▸ Dataset records:
───

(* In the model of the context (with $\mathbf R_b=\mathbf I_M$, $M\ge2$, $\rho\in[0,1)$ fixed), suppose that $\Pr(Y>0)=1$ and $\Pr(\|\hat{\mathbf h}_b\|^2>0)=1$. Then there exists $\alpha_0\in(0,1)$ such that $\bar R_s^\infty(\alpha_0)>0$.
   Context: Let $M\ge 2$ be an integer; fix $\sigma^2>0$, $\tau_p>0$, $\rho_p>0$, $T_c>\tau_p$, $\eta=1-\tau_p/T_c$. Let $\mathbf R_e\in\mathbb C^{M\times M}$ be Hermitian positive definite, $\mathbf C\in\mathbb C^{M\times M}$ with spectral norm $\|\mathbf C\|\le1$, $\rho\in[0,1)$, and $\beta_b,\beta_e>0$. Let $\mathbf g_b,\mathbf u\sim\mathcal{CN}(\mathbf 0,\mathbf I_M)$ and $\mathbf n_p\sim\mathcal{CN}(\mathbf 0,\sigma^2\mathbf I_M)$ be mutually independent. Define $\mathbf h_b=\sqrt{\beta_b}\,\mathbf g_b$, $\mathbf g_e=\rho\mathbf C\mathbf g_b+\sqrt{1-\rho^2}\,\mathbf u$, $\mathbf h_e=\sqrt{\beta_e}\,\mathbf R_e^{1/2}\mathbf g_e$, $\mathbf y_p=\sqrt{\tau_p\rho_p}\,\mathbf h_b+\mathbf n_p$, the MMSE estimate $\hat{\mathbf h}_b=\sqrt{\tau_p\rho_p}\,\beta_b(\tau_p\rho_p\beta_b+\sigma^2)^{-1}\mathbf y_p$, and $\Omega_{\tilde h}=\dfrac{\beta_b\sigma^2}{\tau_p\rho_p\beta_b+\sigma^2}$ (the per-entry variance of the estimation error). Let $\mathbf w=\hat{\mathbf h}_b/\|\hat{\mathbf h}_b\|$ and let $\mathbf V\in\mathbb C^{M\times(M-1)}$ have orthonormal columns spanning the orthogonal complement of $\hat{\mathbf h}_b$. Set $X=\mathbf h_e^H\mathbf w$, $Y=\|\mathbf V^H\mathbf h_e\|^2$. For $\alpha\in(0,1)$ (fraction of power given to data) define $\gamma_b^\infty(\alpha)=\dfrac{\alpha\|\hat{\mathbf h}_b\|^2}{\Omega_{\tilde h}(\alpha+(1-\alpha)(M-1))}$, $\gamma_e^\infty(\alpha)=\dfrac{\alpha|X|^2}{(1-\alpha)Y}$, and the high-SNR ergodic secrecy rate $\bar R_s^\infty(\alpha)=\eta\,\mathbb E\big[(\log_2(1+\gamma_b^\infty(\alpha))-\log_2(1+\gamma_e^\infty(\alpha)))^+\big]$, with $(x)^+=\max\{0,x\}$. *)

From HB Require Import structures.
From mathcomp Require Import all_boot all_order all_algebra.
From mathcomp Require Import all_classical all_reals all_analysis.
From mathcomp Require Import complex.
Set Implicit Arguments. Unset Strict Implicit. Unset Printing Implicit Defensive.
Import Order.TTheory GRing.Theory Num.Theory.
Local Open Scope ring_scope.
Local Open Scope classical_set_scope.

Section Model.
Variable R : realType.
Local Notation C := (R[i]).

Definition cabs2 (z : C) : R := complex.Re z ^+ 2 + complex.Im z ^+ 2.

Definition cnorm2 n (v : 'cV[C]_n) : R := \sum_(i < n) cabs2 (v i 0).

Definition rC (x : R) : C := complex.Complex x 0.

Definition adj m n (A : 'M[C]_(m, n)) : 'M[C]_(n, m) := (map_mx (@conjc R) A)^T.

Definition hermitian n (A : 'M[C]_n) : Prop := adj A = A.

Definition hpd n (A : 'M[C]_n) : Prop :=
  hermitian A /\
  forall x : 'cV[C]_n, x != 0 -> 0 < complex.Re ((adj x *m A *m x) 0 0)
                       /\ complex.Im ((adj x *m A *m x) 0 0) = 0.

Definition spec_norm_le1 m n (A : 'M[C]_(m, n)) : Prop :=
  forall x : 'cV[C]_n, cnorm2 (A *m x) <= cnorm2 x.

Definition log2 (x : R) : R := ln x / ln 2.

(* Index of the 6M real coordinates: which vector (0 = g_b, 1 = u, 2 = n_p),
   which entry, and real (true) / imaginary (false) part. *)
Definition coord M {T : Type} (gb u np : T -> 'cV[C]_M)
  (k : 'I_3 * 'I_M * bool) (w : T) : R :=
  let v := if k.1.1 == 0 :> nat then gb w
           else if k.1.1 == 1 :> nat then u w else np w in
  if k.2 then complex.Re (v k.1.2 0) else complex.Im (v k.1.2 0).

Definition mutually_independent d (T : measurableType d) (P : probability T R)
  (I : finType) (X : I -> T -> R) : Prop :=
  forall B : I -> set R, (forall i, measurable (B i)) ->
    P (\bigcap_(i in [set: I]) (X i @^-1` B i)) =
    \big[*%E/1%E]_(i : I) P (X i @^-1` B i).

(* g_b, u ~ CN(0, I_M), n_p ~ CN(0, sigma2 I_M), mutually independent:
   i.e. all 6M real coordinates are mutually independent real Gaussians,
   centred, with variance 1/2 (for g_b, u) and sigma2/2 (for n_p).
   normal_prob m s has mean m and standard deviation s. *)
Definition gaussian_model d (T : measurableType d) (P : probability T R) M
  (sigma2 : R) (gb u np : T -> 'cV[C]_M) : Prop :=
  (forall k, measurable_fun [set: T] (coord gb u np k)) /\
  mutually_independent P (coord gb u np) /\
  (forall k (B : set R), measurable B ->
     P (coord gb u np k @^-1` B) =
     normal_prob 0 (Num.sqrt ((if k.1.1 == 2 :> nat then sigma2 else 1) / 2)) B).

───

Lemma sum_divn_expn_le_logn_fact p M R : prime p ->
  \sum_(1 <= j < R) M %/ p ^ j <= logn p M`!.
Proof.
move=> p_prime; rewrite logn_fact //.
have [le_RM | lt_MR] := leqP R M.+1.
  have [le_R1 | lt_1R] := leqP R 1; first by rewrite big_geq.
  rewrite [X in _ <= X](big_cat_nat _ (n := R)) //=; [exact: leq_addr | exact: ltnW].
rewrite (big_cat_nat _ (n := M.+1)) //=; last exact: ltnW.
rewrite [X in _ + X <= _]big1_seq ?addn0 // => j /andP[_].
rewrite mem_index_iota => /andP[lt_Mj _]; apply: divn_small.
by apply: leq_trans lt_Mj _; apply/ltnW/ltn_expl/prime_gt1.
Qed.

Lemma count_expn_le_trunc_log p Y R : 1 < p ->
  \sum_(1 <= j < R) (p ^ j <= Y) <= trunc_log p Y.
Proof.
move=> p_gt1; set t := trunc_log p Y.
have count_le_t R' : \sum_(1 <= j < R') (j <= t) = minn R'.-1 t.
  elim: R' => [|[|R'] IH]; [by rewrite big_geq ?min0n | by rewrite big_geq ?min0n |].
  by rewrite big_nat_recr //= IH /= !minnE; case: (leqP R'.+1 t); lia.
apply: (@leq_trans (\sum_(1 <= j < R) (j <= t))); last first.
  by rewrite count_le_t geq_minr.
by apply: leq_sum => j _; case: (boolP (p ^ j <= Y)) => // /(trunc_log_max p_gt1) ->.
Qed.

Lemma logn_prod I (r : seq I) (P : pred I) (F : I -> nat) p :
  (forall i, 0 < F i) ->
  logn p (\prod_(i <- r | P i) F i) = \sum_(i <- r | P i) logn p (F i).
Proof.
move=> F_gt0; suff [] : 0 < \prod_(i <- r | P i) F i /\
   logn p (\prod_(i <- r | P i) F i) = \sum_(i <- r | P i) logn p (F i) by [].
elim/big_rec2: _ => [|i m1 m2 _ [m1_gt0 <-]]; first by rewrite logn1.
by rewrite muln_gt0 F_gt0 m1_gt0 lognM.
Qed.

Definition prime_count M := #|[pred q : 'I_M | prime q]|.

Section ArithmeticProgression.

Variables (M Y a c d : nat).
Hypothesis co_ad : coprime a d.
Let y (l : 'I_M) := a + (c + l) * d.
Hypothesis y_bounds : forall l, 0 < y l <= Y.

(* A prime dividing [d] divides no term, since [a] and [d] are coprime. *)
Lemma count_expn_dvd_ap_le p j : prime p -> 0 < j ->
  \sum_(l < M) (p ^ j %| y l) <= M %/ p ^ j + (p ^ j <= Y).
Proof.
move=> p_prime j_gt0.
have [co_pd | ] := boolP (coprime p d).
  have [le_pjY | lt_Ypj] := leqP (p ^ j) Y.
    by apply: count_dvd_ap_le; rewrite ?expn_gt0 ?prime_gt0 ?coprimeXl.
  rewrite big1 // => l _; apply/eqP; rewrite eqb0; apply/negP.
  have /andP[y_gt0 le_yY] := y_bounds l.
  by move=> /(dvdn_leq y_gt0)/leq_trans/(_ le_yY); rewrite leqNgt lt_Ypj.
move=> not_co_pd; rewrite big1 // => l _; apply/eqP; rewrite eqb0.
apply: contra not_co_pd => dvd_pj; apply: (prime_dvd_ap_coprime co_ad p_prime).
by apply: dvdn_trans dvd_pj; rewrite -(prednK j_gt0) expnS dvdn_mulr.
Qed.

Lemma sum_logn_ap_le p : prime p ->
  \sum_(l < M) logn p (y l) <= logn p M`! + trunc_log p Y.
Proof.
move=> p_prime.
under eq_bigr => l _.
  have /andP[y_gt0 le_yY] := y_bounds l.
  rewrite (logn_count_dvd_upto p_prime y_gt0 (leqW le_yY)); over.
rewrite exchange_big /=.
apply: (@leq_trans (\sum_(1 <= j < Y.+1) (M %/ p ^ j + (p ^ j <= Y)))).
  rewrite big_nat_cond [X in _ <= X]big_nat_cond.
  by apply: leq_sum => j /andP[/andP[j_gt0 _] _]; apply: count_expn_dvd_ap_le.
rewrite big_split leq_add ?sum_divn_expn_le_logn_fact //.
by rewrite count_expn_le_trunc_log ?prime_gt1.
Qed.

───

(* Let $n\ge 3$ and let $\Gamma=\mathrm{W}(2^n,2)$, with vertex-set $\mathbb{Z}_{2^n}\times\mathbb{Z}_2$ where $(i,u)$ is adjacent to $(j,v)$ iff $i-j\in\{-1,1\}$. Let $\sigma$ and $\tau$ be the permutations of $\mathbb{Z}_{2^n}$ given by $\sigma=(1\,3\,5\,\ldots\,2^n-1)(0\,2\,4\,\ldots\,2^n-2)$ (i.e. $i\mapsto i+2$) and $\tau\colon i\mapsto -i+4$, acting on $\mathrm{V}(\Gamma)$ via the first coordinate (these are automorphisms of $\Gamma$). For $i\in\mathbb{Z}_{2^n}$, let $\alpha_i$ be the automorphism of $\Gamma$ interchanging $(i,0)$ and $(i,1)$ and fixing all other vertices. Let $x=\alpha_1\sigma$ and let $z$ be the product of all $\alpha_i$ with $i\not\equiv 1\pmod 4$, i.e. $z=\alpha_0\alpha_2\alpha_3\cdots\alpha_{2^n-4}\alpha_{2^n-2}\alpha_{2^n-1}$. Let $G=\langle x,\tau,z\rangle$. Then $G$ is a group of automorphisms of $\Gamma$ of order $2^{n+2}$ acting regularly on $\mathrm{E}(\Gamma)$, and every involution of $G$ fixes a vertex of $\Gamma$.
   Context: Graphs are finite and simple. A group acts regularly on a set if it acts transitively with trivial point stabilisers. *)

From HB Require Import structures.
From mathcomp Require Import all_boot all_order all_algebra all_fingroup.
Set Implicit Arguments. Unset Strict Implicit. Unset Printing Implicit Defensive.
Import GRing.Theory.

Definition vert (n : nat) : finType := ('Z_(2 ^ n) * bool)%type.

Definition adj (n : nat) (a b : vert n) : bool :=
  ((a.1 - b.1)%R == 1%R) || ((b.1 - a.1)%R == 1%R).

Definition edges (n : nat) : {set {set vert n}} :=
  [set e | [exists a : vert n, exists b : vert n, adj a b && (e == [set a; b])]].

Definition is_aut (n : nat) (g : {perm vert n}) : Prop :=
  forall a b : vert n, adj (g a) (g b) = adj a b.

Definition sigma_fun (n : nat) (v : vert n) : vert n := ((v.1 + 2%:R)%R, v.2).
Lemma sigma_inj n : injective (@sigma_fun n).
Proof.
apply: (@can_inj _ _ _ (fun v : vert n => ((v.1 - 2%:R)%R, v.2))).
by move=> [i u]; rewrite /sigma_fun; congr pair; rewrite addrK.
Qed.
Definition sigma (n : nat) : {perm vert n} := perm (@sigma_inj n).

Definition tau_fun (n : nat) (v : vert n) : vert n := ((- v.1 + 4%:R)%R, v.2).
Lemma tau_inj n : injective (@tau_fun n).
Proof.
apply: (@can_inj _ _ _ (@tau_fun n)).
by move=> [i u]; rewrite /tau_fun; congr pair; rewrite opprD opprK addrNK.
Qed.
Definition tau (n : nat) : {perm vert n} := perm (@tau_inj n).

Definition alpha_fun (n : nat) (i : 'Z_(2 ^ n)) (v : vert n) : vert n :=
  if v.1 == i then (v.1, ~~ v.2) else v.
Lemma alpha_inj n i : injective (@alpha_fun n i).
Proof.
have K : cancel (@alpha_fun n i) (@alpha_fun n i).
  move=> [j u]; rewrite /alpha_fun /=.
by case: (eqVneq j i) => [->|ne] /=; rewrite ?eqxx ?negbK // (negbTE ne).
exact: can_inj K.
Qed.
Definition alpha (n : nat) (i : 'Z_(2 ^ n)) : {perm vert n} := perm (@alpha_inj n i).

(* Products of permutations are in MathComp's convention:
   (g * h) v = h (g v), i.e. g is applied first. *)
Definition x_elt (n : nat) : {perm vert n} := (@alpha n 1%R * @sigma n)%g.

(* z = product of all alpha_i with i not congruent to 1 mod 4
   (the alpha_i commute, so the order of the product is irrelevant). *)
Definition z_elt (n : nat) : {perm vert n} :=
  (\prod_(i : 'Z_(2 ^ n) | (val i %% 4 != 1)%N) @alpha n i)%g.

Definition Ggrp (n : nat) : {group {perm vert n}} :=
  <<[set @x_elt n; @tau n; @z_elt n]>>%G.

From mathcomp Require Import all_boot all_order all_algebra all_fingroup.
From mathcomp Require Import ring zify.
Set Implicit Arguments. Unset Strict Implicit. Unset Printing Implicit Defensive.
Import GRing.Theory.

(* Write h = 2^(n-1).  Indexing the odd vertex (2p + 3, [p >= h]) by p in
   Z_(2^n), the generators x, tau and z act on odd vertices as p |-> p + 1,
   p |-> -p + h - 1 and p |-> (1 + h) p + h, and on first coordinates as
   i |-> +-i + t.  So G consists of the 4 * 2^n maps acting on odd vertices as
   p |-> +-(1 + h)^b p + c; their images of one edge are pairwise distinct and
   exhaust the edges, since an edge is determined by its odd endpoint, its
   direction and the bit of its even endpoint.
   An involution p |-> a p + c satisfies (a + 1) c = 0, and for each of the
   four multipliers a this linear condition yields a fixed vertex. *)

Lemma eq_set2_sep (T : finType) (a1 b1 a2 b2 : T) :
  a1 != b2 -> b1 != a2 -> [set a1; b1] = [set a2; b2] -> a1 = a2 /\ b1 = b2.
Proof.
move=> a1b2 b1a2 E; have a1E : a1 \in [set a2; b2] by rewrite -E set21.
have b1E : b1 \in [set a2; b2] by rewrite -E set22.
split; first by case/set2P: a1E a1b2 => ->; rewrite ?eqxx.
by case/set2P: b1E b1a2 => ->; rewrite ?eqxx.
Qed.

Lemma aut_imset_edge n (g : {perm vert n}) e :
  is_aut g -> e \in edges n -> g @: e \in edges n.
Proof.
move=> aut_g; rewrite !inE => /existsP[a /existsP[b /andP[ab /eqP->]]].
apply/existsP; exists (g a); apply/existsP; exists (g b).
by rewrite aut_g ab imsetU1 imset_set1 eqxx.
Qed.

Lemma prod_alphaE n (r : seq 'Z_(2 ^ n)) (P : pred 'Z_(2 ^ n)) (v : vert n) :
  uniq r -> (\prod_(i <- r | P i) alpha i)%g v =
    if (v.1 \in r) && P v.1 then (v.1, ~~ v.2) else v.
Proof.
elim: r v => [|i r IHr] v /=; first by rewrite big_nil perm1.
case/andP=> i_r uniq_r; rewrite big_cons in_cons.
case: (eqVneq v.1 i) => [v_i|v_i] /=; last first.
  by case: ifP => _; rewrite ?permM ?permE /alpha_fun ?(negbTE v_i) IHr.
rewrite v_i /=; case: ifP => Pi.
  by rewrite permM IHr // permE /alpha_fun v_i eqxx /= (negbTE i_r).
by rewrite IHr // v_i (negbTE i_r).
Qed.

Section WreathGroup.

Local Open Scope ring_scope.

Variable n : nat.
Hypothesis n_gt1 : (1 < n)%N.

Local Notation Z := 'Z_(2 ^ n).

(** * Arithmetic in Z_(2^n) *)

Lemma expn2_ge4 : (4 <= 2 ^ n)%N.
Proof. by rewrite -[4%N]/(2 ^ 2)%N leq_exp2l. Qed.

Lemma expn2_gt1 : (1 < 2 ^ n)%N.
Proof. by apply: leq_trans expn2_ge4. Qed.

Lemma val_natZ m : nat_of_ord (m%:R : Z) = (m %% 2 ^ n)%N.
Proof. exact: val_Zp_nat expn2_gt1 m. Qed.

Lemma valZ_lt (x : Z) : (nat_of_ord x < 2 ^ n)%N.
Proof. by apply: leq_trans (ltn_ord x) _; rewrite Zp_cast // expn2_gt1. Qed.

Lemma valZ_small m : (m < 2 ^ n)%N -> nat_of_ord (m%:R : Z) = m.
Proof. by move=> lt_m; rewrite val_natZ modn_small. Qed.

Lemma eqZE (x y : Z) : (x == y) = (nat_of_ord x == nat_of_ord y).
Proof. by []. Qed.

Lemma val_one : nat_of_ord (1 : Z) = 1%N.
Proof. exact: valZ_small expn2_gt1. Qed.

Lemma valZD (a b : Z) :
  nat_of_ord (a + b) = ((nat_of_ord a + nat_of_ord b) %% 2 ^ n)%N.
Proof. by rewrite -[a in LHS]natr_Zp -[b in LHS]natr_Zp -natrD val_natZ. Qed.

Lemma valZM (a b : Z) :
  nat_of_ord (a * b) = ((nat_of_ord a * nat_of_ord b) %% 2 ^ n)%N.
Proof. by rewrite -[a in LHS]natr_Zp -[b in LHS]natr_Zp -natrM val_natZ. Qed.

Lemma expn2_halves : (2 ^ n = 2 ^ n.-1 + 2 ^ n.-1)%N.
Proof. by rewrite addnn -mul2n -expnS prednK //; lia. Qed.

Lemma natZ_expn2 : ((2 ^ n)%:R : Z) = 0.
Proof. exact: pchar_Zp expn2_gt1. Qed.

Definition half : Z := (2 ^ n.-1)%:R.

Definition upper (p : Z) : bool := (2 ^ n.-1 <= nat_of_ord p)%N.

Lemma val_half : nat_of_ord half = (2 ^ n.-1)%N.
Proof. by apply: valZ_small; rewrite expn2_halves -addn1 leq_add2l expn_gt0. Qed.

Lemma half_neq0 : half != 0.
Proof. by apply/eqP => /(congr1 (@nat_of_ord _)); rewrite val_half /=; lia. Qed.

───

▸ ACTIVITY: Every line above that holds the string "eqVneq" should be copied into the answer.

▸ PROBLEM SOLUTION:
by case: (eqVneq j i) => [->|ne] /=; rewrite ?eqxx ?negbK // (negbTE ne).
case: (eqVneq v.1 i) => [v_i|v_i] /=; last first.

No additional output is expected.